In future, therefore, the court will continue to manage and authorise cases under s21A itself, and the MoJ will not hold this to be an inappropriate device which it would challenge. In this way such legal aid should continue whilst the court is considering a s21A application. The court will thus exercise its powers under s21A(3)(a) to vary the standard authorisation and extend an extant authorisation pursuant to section 21A (2) (b) MCA 2005.  In addition the Court may need to consider making an order under s21A(6) MCA 2005 exonerating the supervisory body from liability for the extended period as the Court would have assumed the responsibility.

This has to be a very welcome development in that "free" legal aid is now restored, although it is unclear why the MoJ made the change to the Regulations in this way, which they protested loudly was not made in consideration of the HA case.

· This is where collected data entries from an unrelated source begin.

(* Let $f_1,f_2,\ldots,f_{KN}$ be drawn i.i.d. from a distribution $\mathcal{F}$ over types, and for $i\in[K]$ let $\widehat{p}(\mathbf{b}^{(i)})=\frac1N\sum_{\tau=1}^N\mathbb{1}\{b_{f_{(i-1)N+\tau}}(\mathbf{x}^{(\mathbf{b}^{(i)})})=a^{(\mathbf{b}^{(i)})}\}$ (so the estimates for different $i$ use disjoint rounds). For $\mathbf{w}\in\mathcal{W}$ define $\widehat{p}(\mathbf{w})=\sum_{i=1}^K\lambda_i(\mathbf{w})\widehat{p}(\mathbf{b}^{(i)})$. Then for every $\sigma\in\Sigma$ and $a_f\in\mathcal{A}_f$, $\mathrm{Var}\big(\widehat{p}(\mathbb{1}_{(\sigma=a_f)})\big)\le\frac{K}{N}$.
   Context: Finite leader actions $\mathcal{A}$, finite follower actions $\mathcal{A}_f$, follower types $\alpha^{(1)},\ldots,\alpha^{(K)}$ with context-independent utilities $u_{\alpha^{(i)}}:\mathcal{A}\times\mathcal{A}_f\to[0,1]$; for $\mathbf{x}\in\Delta(\mathcal{A})$, $b_f(\mathbf{x})\in\arg\max_{a_f}\sum_{a_l}\mathbf{x}[a_l]u_f(a_l,a_f)$, ties broken by a fixed ordering. $\sigma^{(\mathbf{x})}$ maps $\alpha^{(i)}\mapsto b_{\alpha^{(i)}}(\mathbf{x})$, $\Sigma=\{\sigma^{(\mathbf{x})}:\mathbf{x}\in\Delta(\mathcal{A})\}$. For $\sigma\in\Sigma$, $a_f\in\mathcal{A}_f$, $\mathbb{1}_{(\sigma=a_f)}\in\{0,1\}^K$ has $i$-th entry $\mathbb{1}\{\sigma(\alpha^{(i)})=a_f\}$, and $\mathcal{W}$ is the set of all such vectors. $\mathcal{B}=\{\mathbf{b}^{(1)},\ldots,\mathbf{b}^{(K)}\}\subseteq\mathcal{W}$ is a barycentric spanner: each $\mathbf{w}\in\mathcal{W}$ equals $\sum_i\lambda_i(\mathbf{w})\mathbf{b}^{(i)}$ with $\lambda_i(\mathbf{w})\in[-1,1]$. For each $\mathbf{b}\in\mathcal{B}$, $\mathbf{x}^{(\mathbf{b})}$, $a^{(\mathbf{b})}$ satisfy $\mathbf{b}=\mathbb{1}_{(\sigma^{(\mathbf{x}^{(\mathbf{b})})}=a^{(\mathbf{b})})}$. *)

From mathcomp Require Import all_boot all_order all_algebra.
Set Implicit Arguments. Unset Strict Implicit. Unset Printing Implicit Defensive.
Import Order.TTheory GRing.Theory Num.Theory.
Local Open Scope ring_scope.

Section Game.
Variables (R : realFieldType) (AL AF : finType) (K : nat).

Definition in_simplex (x : {ffun AL -> R}) : Prop :=
  (forall a, 0 <= x a) /\ \sum_a x a = 1.

Definition expU (uf : AL -> AF -> R) (x : {ffun AL -> R}) (af : AF) : R :=
  \sum_al x al * uf al af.

Definition is_br (uf : AL -> AF -> R) (x : {ffun AL -> R}) (af : AF) : bool :=
  [forall af', expU uf x af' <= expU uf x af].

(* best response b_f(x): the first maximiser in the fixed ordering enum AF
   (a0 is only a dummy default, never used since a maximiser always exists) *)
Definition br (a0 : AF) (uf : AL -> AF -> R) (x : {ffun AL -> R}) : AF :=
  nth a0 [seq af <- enum AF | is_br uf x af] 0.

Definition sigma_of (a0 : AF) (u : 'I_K -> AL -> AF -> R) (x : {ffun AL -> R})
  : {ffun 'I_K -> AF} := [ffun i => br a0 (u i) x].

Definition in_Sigma a0 u (s : {ffun 'I_K -> AF}) : Prop :=
  exists x, in_simplex x /\ s = sigma_of a0 u x.

Definition indv (s : {ffun 'I_K -> AF}) (af : AF) : {ffun 'I_K -> R} :=
  [ffun i => (s i == af)%:R].

Definition in_W a0 u (w : {ffun 'I_K -> R}) : Prop :=
  exists s af, in_Sigma a0 u s /\ w = indv s af.

Definition barycentric_spanner a0 u (b : 'I_K -> {ffun 'I_K -> R})
  (lam : {ffun 'I_K -> R} -> 'I_K -> R) : Prop :=
  (forall i, in_W a0 u (b i)) /\
  forall w, in_W a0 u w ->
    (forall i, -1 <= lam w i <= 1) /\ (forall j, w j = \sum_i lam w i * b i j).

Definition prob_vec (p : 'I_K -> R) : Prop :=
  (forall i, 0 <= p i) /\ \sum_i p i = 1.

(* i.i.d. sampling of M follower types: sample space {ffun 'I_M -> 'I_K} *)
Definition weight (M : nat) (p : 'I_K -> R) (s : {ffun 'I_M -> 'I_K}) : R :=
  \prod_t p (s t).

Definition Expect (M : nat) (p : 'I_K -> R) (X : {ffun 'I_M -> 'I_K} -> R) : R :=
  \sum_s weight p s * X s.

Definition Var (M : nat) (p : 'I_K -> R) (X : {ffun 'I_M -> 'I_K} -> R) : R :=
  Expect p (fun s => (X s - Expect p X) ^+ 2).

(* hat p(b^(i)) computed from rounds i*N, ..., i*N + N - 1 (0-indexed) *)
Definition phat_b a0 (u : 'I_K -> AL -> AF -> R) (xb : 'I_K -> {ffun AL -> R})
  (ab : 'I_K -> AF) (N : nat) (i : 'I_K) (s : {ffun 'I_(K * N) -> 'I_K}) : R :=
  N%:R^-1 * \sum_(t : 'I_(K * N) | (t %/ N)%N == val i)
              (br a0 (u (s t)) (xb i) == ab i)%:R.

Definition phat a0 u xb ab N (lam : {ffun 'I_K -> R} -> 'I_K -> R)
  (w : {ffun 'I_K -> R}) (s : {ffun 'I_(K * N) -> 'I_K}) : R :=
  \sum_i lam w i * @phat_b a0 u xb ab N i s.

End Game.

Arguments indv {R AF K} s af.
Arguments phat {R AL AF K} a0 u xb ab N lam w s.

(** The estimate is an average of [K * N] independent rounds, round [t]
    contributing [lam_i(w) / N] times a 0/1 indicator, where [i] is the block
    of [t].  Variances of independent terms add (Bienaymé), and each term has
    variance at most its second moment [lam_i(w)^2 / N^2 <= 1 / N^2]; summing
    over the [K * N] rounds gives [K / N]. *)
From mathcomp Require Import all_boot all_order all_algebra.
From mathcomp Require Import ring lra.
Import Order.TTheory GRing.Theory Num.Theory.
Local Open Scope ring_scope.

Lemma big_only2 {R : Type} {idx : R} {op : Monoid.com_law idx} {I : finType}
    {i j : I} {F : I -> R} :
  i != j -> (forall k, k != i -> k != j -> F k = idx) ->
  \big[op/idx]_k F k = op (F i) (F j).
Proof.
move=> ij F1; rewrite (bigD1 i) //= (bigD1 j) 1?eq_sym //= big1 ?Monoid.mulm1 //.
by move=> k /andP[? ?]; apply: F1.
Qed.

Section ProductProbability.
Context {R : realFieldType} {K M : nat} (p : 'I_K -> R).

Definition mean (f : 'I_K -> R) : R := \sum_k p k * f k.

Definition variance (f : 'I_K -> R) : R := mean (fun k => (f k - mean f) ^+ 2).

Lemma eq_Expect {X Y : {ffun 'I_M -> 'I_K} -> R} :
  X =1 Y -> Expect p X = Expect p Y.
Proof. by move=> eqXY; apply: eq_bigr => s _; rewrite eqXY. Qed.

Lemma eq_Var {X Y : {ffun 'I_M -> 'I_K} -> R} : X =1 Y -> Var p X = Var p Y.
Proof.
by move=> eqXY; rewrite /Var (eq_Expect eqXY); apply: eq_Expect => s; rewrite eqXY.
Qed.

Lemma Expect_sum (I : finType) (F : I -> {ffun 'I_M -> 'I_K} -> R) :
  Expect p (fun s => \sum_j F j s) = \sum_j Expect p (F j).
Proof.
rewrite /Expect -exchange_big; apply: eq_bigr => s _.
by rewrite mulr_sumr.
Qed.

Lemma Expect_prod (q : 'I_M -> 'I_K -> R) :
  Expect p (fun s => \prod_t q t (s t)) = \prod_t mean (q t).
Proof.
rewrite bigA_distr_bigA; apply: eq_bigr => s _.
by rewrite /weight -big_split.
Qed.

Hypothesis hp : prob_vec p.

Lemma mean_cst (c : R) : mean (fun=> c) = c.
Proof. by rewrite /mean -mulr_suml hp.2 mul1r. Qed.

Lemma ler_mean (f g : 'I_K -> R) : (forall k, f k <= g k) -> mean f <= mean g.
Proof. by move=> fg; apply: ler_sum => k _; rewrite ler_wpM2l ?hp.1. Qed.

Lemma mean_centered (f : 'I_K -> R) : mean (fun k => f k - mean f) = 0.
Proof.
rewrite {1}/mean (eq_bigr (fun k => p k * f k - mean f * p k)); last first.
  by move=> k _; ring.
by rewrite sumrB -mulr_sumr hp.2 mulr1 subrr.
Qed.

Lemma varianceE (f : 'I_K -> R) :
  variance f = mean (fun k => f k ^+ 2) - mean f ^+ 2.
Proof.
rewrite /variance {1}/mean.
rewrite (eq_bigr (fun k => p k * f k ^+ 2 - (mean f *+ 2) * (p k * f k)
                             + mean f ^+ 2 * p k)); last by move=> k _; ring.
rewrite big_split sumrB /= -!mulr_sumr hp.2 -/(mean f).
by rewrite -/(mean (fun k => f k ^+ 2)); ring.
Qed.

Lemma variance_le (f : 'I_K -> R) (C : R) :
  (forall k, f k ^+ 2 <= C) -> variance f <= C.
Proof.
move=> fC; rewrite varianceE.
apply: le_trans (_ : mean (fun k => f k ^+ 2) <= _); first by rewrite gerBl sqr_ge0.
by rewrite -[C]mean_cst; apply: ler_mean.
Qed.

Lemma Expect_coord (t : 'I_M) (f : 'I_K -> R) :
  Expect p (fun s => f (s t)) = mean f.
Proof.
pose q τ := if τ == t then f else fun=> 1.
have := Expect_prod q; rewrite (big_only1 t) //; last first.
  by move=> τ /negbTE τt _; rewrite /q τt mean_cst.
rewrite /q eqxx => <-; apply: eq_Expect => s.
by rewrite (big_only1 t) ?eqxx // => τ /negbTE -> _.
Qed.

Lemma Expect_coord2 (t t' : 'I_M) (f g : 'I_K -> R) : t != t' ->
  Expect p (fun s => f (s t) * g (s t')) = mean f * mean g.
Proof.
move=> tt'; pose q τ := if τ == t then f else if τ == t' then g else fun=> 1.
have q1 τ : τ != t -> τ != t' -> q τ = fun=> 1.
  by move=> /negbTE τt /negbTE τt'; rewrite /q τt τt'.
have := Expect_prod q; rewrite (big_only2 tt'); last first.
  by move=> τ τt τt'; rewrite q1 // mean_cst.
rewrite /q eqxx eq_sym (negbTE tt') eqxx => <-; apply: eq_Expect => s.
rewrite (big_only2 tt') /q ?eqxx 1?eq_sym ?(negbTE tt') // => τ τt τt'.
by rewrite -/(q τ) q1.
Qed.

Lemma Var_sum_coord (F : 'I_M -> 'I_K -> R) :
  Var p (fun s => \sum_t F t (s t)) = \sum_t variance (F t).
Proof.
pose D t k := F t k - mean (F t).
have ED : Expect p (fun s => \sum_t F t (s t)) = \sum_t mean (F t).
  by rewrite Expect_sum; apply: eq_bigr => t _; rewrite Expect_coord.
rewrite /Var ED (@eq_Expect _ (fun s => \sum_t \sum_t' D t (s t) * D t' (s t'))).
  rewrite Expect_sum; apply: eq_bigr => t _.
  rewrite Expect_sum (bigD1 t) //= big1 ?addr0 => [|t' t't].
    rewrite (Expect_coord t (fun k => D t k * D t k)).
    by apply: eq_bigr => k _; rewrite expr2.
  by rewrite (Expect_coord2 _ _ (D t) (D t')) 1?eq_sym // mean_centered mul0r.
move=> s; rewrite -sumrB expr2 mulr_suml; apply: eq_bigr => t _.
by rewrite mulr_sumr.
Qed.

End ProductProbability.

Section Blocks.
Context {K N : nat} (hN : (0 < N)%N).

Lemma block_subproof (t : 'I_(K * N)) : (t %/ N < K)%N.
Proof. by rewrite ltn_divLR. Qed.

Definition block (t : 'I_(K * N)) : 'I_K := Ordinal (block_subproof t).

Lemma sum_by_block (R : nmodType) (F : 'I_K -> 'I_(K * N) -> R) :
  \sum_(i < K) \sum_(t < K * N | (t %/ N)%N == i) F i t = \sum_t F (block t) t.
Proof.
under eq_bigr => i _ do rewrite big_mkcond.
rewrite exchange_big; apply: eq_bigr => t _.
by rewrite -big_mkcond (big_pred1 (block t)) // => i; rewrite eq_sym.
Qed.

Context {R : realFieldType} {AL AF : finType} (a0 : AF)
  (u : 'I_K -> AL -> AF -> R) (xb : 'I_K -> {ffun AL -> R}) (ab : 'I_K -> AF)
  (lam : {ffun 'I_K -> R} -> 'I_K -> R) (w : {ffun 'I_K -> R}).

Definition round_term (t : 'I_(K * N)) (k : 'I_K) : R :=
  lam w (block t) / N%:R * (br a0 (u k) (xb (block t)) == ab (block t))%:R.

Lemma round_term_sqr_le t k :
  -1 <= lam w (block t) <= 1 -> round_term t k ^+ 2 <= N%:R ^- 2.
Proof.
move=> /andP[lo hi]; rewrite /round_term !exprMn exprVn mulrAC.
rewrite -[X in _ <= X]mul1r ler_wpM2r ?invr_ge0 ?exprn_ge0 ?ler0n //.
rewrite mulr_ile1 ?sqr_ge0 //; first by nra.
by case: (_ == _); rewrite ?expr0n ?expr1n.
Qed.

Lemma phat_by_round s :
  phat a0 u xb ab N lam w s = \sum_t round_term t (s t).
Proof.
rewrite /phat; under eq_bigr => i _ do rewrite /phat_b mulrA mulr_sumr.
exact: sum_by_block.
Qed.

End Blocks.

Theorem mainTheorem9 (R : realFieldType) (AL AF : finType) (K N : nat) (a0 : AF)
  (u : 'I_K -> AL -> AF -> R)
  (hu : forall i al af, 0 <= u i al af <= 1)
  (b : 'I_K -> {ffun 'I_K -> R}) (lam : {ffun 'I_K -> R} -> 'I_K -> R)
  (hB : barycentric_spanner a0 u b lam)
  (xb : 'I_K -> {ffun AL -> R}) (ab : 'I_K -> AF)
  (hxb : forall i, in_simplex (xb i) /\ b i = indv (sigma_of a0 u (xb i)) (ab i))
  (p : 'I_K -> R) (hp : prob_vec p)
  (hN : (0 < N)%N)
  (sg : {ffun 'I_K -> AF}) (hsg : in_Sigma a0 u sg) (af : AF) :
  Var p (phat a0 u xb ab N lam (indv sg af)) <= K%:R / N%:R.
Proof.
set w := indv sg af.
have lam_bound i : -1 <= lam w i <= 1 by apply: (hB.2 w _).1; exists sg, af.
have N0 : (N%:R : R) != 0 by rewrite pnatr_eq0 -lt0n.
have sum_rounds : \sum_(t < K * N) N%:R ^- 2 = K%:R / N%:R :> R.
  by rewrite sumr_const card_ord -[_ *+ _]mulr_natr natrM; field.
rewrite -sum_rounds (eq_Var p (phat_by_round hN a0 u xb ab lam w)).
rewrite Var_sum_coord //; apply: ler_sum => t _; apply: variance_le => // k.
exact/round_term_sqr_le/lam_bound.
Qed.
(* Locally Lipschitz Hessian (any matrix norm; the constant is existential) *)
Definition loc_lipschitz_hess {R : realType} {n : nat} (f : 'rV[R]_n -> R) : Prop :=
  forall x : 'rV[R]_n, exists r : R, exists L : R, 0 < r /\
    forall y z : 'rV[R]_n, enormr (y - x) < r -> enormr (z - x) < r ->
      `|hess f y - hess f z| <= L * enormr (y - z).

Definition stack3 {R : realType} {n : nat} (a b c : 'rV[R]_n) : 'cV[R]_(n + n + n) :=
  col_mx (col_mx a^T b^T) c^T.
Definition enorm3 {R : realType} {n : nat} (a b c : 'rV[R]_n) : R :=
  enormc (stack3 a b c).

Definition Fmu1 {R : realType} {n : nat} (f : 'rV[R]_n -> R)
  (x ll lu : 'rV[R]_n) : 'rV[R]_n := grad f x - ll + lu.
Definition Fmu2 {R : realType} {n : nat} (l : 'rV[R]_n) (mu : R)
  (x ll : 'rV[R]_n) : 'rV[R]_n := \row_i (ll 0 i * (x 0 i - l 0 i) - mu).
Definition Fmu3 {R : realType} {n : nat} (u : 'rV[R]_n) (mu : R)
  (x lu : 'rV[R]_n) : 'rV[R]_n := \row_i (lu 0 i * (u 0 i - x 0 i) - mu).
Definition Fmu {R : realType} {n : nat} (f : 'rV[R]_n -> R) (l u : 'rV[R]_n)
  (mu : R) (x ll lu : 'rV[R]_n) : 'cV[R]_(n + n + n) :=
  stack3 (Fmu1 f x ll lu) (Fmu2 l mu x ll) (Fmu3 u mu x lu).

(* The Jacobian F'(x, lambda) as a 3n x 3n block matrix
   [[H, -I, I]; [Lambda^l, X - L, 0]; [-Lambda^u, 0, U - X]] *)
Definition Fprime {R : realType} {n : nat} (f : 'rV[R]_n -> R) (l u : 'rV[R]_n)
  (x ll lu : 'rV[R]_n) : 'M[R]_(n + n + n) :=
  block_mx
    (block_mx (hess f x) (- 1%:M) (diag_mx ll) (diag_mx (x - l)))
    (col_mx 1%:M 0)
    (row_mx (- diag_mx lu) 0)
    (diag_mx (u - x)).

(* Approximate directions, with mup = mu^+ *)
Definition dS {R : realType} {n : nat} (f : 'rV[R]_n -> R) (l u : 'rV[R]_n)
  (mup : R) (x ll lu : 'rV[R]_n) (i : 'I_n) : R :=
  let d := hess f x i i + ll 0 i / (x 0 i - l 0 i) + lu 0 i / (u 0 i - x 0 i) in
  - (1 / d) * (grad f x 0 i - mup * (1 / (x 0 i - l 0 i) - 1 / (u 0 i - x 0 i))).

(* Delta x^C_i: the A_l formula if x*_i = l_i, the A_u formula if x*_i = u_i
   (only used for i in A_x; A_l and A_u are disjoint since l < u). *)
Definition dC {R : realType} {n : nat} (l u xs : 'rV[R]_n)
  (mup : R) (x ll lu : 'rV[R]_n) (i : 'I_n) : R :=
  if xs 0 i == l 0 i then - (x 0 i - l 0 i) + mup / ll 0 i
  else (u 0 i - x 0 i) - mup / lu 0 i.

Definition dllC {R : realType} {n : nat} (l : 'rV[R]_n) (mup : R)
  (x ll : 'rV[R]_n) (i : 'I_n) : R := - ll 0 i + mup / (x 0 i - l 0 i).
Definition dluC {R : realType} {n : nat} (u : 'rV[R]_n) (mup : R)
  (x lu : 'rV[R]_n) (i : 'I_n) : R := - lu 0 i + mup / (u 0 i - x 0 i).

(* || (dx_{A_x}, dll_{I_l}, dlu_{I_u}) || (Euclidean) *)
Definition norm_active {R : realType} {n : nat} (l u xs : 'rV[R]_n)
  (dx dll dlu : 'rV[R]_n) : R :=
  Num.sqrt (\sum_(i | (xs 0 i == l 0 i) || (xs 0 i == u 0 i)) dx 0 i ^+ 2
          + \sum_(i | xs 0 i != l 0 i) dll 0 i ^+ 2
          + \sum_(i | xs 0 i != u 0 i) dlu 0 i ^+ 2).

From HB Require Import structures.
From mathcomp Require Import all_boot all_order all_algebra.
From mathcomp Require Import all_classical all_reals all_analysis.
From mathcomp Require Import ring lra.
Import Order.TTheory GRing.Theory Num.Theory.
Import numFieldNormedType.Exports.
Set Implicit Arguments. Unset Strict Implicit. Unset Printing Implicit Defensive.
Local Open Scope ring_scope.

A sting may remain in the tail for legal aid practitioners even in these cases, as the MoJ has indicated that cases which drift too far into welfare considerations, especially under s15 and s16, may be subject to adverse costs assessments. It appears this was issue which the MoJ wanted to tackle in the new Regulations. However it is very unclear how a properly determined s21A application can frequently avoid extensive welfare considerations and so adequate legal aid funding will remain a live question; and the court may need to confirm the key issue of s21A in their orders, where possible, to properly assist in the ongoing provision of legal aid.

In addition, of course, such non-means tested legal aid does not touch the increasing number of those whose Article 5 rights are infringed in "supported  living" provisions (where DoLs does not apply); or where P is clearly detained in a hospital or nursing home but a DoL has not been put in place. Furthermore in such means tested cases, tightened means testing requirements introduced last April will put legal aid out of reach for many effectively denying them any remedy to detention.